Furthermore, we can construct a Distance Correlation Matrix (*DCM*) based on the disease integrated similarity, the lncRNA integrated similarity, and the miRNA integrated similarity as follows:

$$ DCM\left(i,j\right)=\Big\{{\displaystyle \begin{array}{c}P\left(i,j\right)\ast \exp \left( FDD\left(i,j\right)\right),\kern7.9em if\kern0.5em i\in \left[1,D\right]\ \mathrm{and}\ j\in \left[1,D\right].\kern6.3em \\ {}P\left(i,j\right)\ast \exp \left( FLL\left(i,j\right)\right),\kern6em if\kern0.5em i\in \left[D,D+L\right]\ \mathrm{and}\ j\in \left[\mathrm{D},D+L\right].\kern4.75em \\ {}P\left(i,j\right)\ast \exp \left( FMM\left(i,j\right)\right),\kern0.5em if\kern0.5em i\in \left[D+L,D+L+M\right]\ \mathrm{and}\ j\in \left[D+L,D+L+M\right]\kern3em \\ {}P\left(\mathrm{i},\mathrm{j}\right)\ast \frac{SPM\left(i,j\right)}{b},\kern18.5em \mathrm{otherwise}\kern5.5em \end{array}}\operatorname{} $$

(23)

where *i*∈[1, *D + L + M*] and *j*∈[1, *D + L + M*].

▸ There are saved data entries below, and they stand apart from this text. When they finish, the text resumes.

(* By complementary slackness and stationarity, the objective is constant on
   the face. *)
Lemma gobj_on_face u v : (forall i, mu i != 0 -> slice_constr i u v = 0) ->
  gobj (set_first xs u) v = gobj xs ws.
Proof.
move=> on_face; rewrite (gobj_set_first xs ws).
have c1E : c ord0 = - \sum_i mu i * a i ord0.
  by have := stat_x ord0; rewrite subrr mul0r add0r => /eqP; rewrite addr_eq0 => /eqP.
have D1E : D1 = - \sum_i mu i * xi i by apply/eqP; rewrite -addr_eq0 stat_w.
have : \sum_i mu i * (slice_constr i u v - constr i xs ws) = 0.
  apply: big1 => i _; have [->|mu_i] := eqVneq (mu i) 0; first by rewrite mul0r.
  by rewrite on_face // mu_compl // subrr mulr0.
rewrite (eq_bigr (fun i => 2 * (u - xs ord0) * (mu i * a i ord0) + (v - ws) * (mu i * xi i)));
  last by move=> i _; rewrite /slice_constr (constr_set_first i xs ws); ring.
rewrite big_split /= -!mulr_sumr c1E D1E => face0.
transitivity (gobj xs ws - (2 * (u - xs ord0) * \sum_i mu i * a i ord0 +
                            (v - ws) * \sum_i mu i * xi i)); first by ring.
by rewrite face0 subr0.
Qed.

(* Stationarity in x_j, j <> 1, says that x_j(mu) = xs_j. *)
Lemma xmu_kkt j : D1 < D j -> xmu D c a mu j = xs j.
Proof.
move=> D1_lt; rewrite /xmu /d1.
have cj : c j + \sum_i a i j * mu i = - ((D j - D1) * xs j).
  apply: (addrI ((D j - D1) * xs j)); rewrite subrr addrA.
  by under eq_bigr do rewrite mulrC; exact: stat_x.
by rewrite cj opprK mulrC mulKf // subr_eq0 gt_eqF.
Qed.

Section UniqueMinimalEigenvalue.
Hypothesis D1_unique : forall j, j != ord0 -> D1 < D j.

Lemma slice_constr_xmu i u v : slice_constr i u v =
  xi i * v + 2 * a i ord0 * u + 2 * \sum_(j | j != ord0) a i j * xmu D c a mu j - b i.
Proof.
rewrite /slice_constr /constr (sum_set_first (fun j y => 2 * a i j * y)) /=.
have -> : \sum_(j | j != ord0) 2 * a i j * xs j =
    2 * \sum_(j | j != ord0) a i j * xmu D c a mu j.
  by rewrite mulr_sumr; apply: eq_bigr => j j0; rewrite xmu_kkt ?D1_unique // mulrA.
ring.
Qed.

Lemma sub_obj_slice u v : sub_obj D c a mu u v = sqnorm (set_first xs u) - v.
Proof.
rewrite /sub_obj sqnorm_set_first [u ^+ 2 + _]addrC; congr (_ + _ - _).
by apply: eq_bigr => j j0; rewrite xmu_kkt ?D1_unique.
Qed.

Lemma sub_feas_on_face u v : (forall i, 0 <= mu i) -> on_face slice_constr mu u v ->
  sub_feas D c a b xi (active slice_constr u v) mu u v.
Proof.
move=> mu_ge0 [face_le face_eq].
set I := active slice_constr u v.
have mu_out i : i \notin I -> mu i = 0.
  by move=> i_out; apply/eqP; apply: contraNT i_out => /face_eq act; rewrite inE act.
have sum_I (F : 'I_m -> R) : \sum_(i in I) F i * mu i = \sum_i mu i * F i.
  rewrite [RHS](bigID (mem I)) /= [X in _ + X]big1 ?addr0 => [|i /mu_out ->]; last exact: mul0r.
  by apply: eq_bigr => i _; rewrite mulrC.
split=> //; split.
- by rewrite /d1 sum_I.
- by rewrite sum_I; have := stat_x ord0; rewrite subrr mul0r add0r.
- by move=> i; rewrite inE => /eqP; rewrite slice_constr_xmu => /eqP; rewrite subr_eq0 => /eqP.
- by move=> i _; have := face_le i; rewrite slice_constr_xmu subr_le0.
- by move=> i _; exact: mu_ge0.
Qed.
End UniqueMinimalEigenvalue.
End KKTFace.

Step 4 (Estimation of the association degree between a pair of nodes): Based on formula (23), we can estimate the association degree between v_{i} and v_{j} as follows:

$$ PM\left(i,j\right)=\frac{\sum \limits_{k=1}^{D+L+M} DCM\left(i,k\right)+{\sum}_{k=1}^{D+L+M} DCM\left(k,j\right)}{D+L+M} $$

(24)

Thus, we can obtain prediction matrix *PM*, where the entity *PM (i, j)* in row *i* column *j* represents the predicted association between node *v*_{
i
} and *v*_{
j
}.

Step 5 (Calculation of the final prediction result matrix between the miRNAs and diseases): Let \( PM=\left[\begin{array}{c}{C}_{11}\kern0.75em {C}_{12}\kern1em {C}_{13}\\ {}{C}_{21}\kern0.75em {C}_{22}\kern1em {C}_{23}\\ {}{C}_{31}\kern0.75em {C}_{32}\kern0.75em {C}_{33}\end{array}\right] \), where *C*_{11} is a *D*×*D* matrix, *C*_{12} is a *D*×*L* matrix, *C*_{13} is a *D*×*M* matrix, *C*_{21} is an *L*×*D* matrix, *C*_{
22
} is an *L* ×*L* matrix, *C*_{
23
} is an L×M matrix, C_{31} is an M×D matrix, *C*_{
32
} is an *M*×*L* matrix and *C*_{
33
} is an *M* ×*M* matrix. Obviously, *C*_{
13
} is our predicted result, which provides the association probability between each disease and miRNA. A previous study [27] demonstrated that the Gaussian interaction profile kernel similarity is a high-efficiency tool for optimizing the result of prediction, and therefore, we used the miRNA Gaussian interaction profile kernel similarity and the disease Gaussian interaction profile kernel similarity to optimize the result of the DCSMDA as follows:

$$ FAD= FDD\ast {C}_{13}\ast FMM $$

(25)

where the matrix FAD denotes the relationship between the miRNA-disease pairs.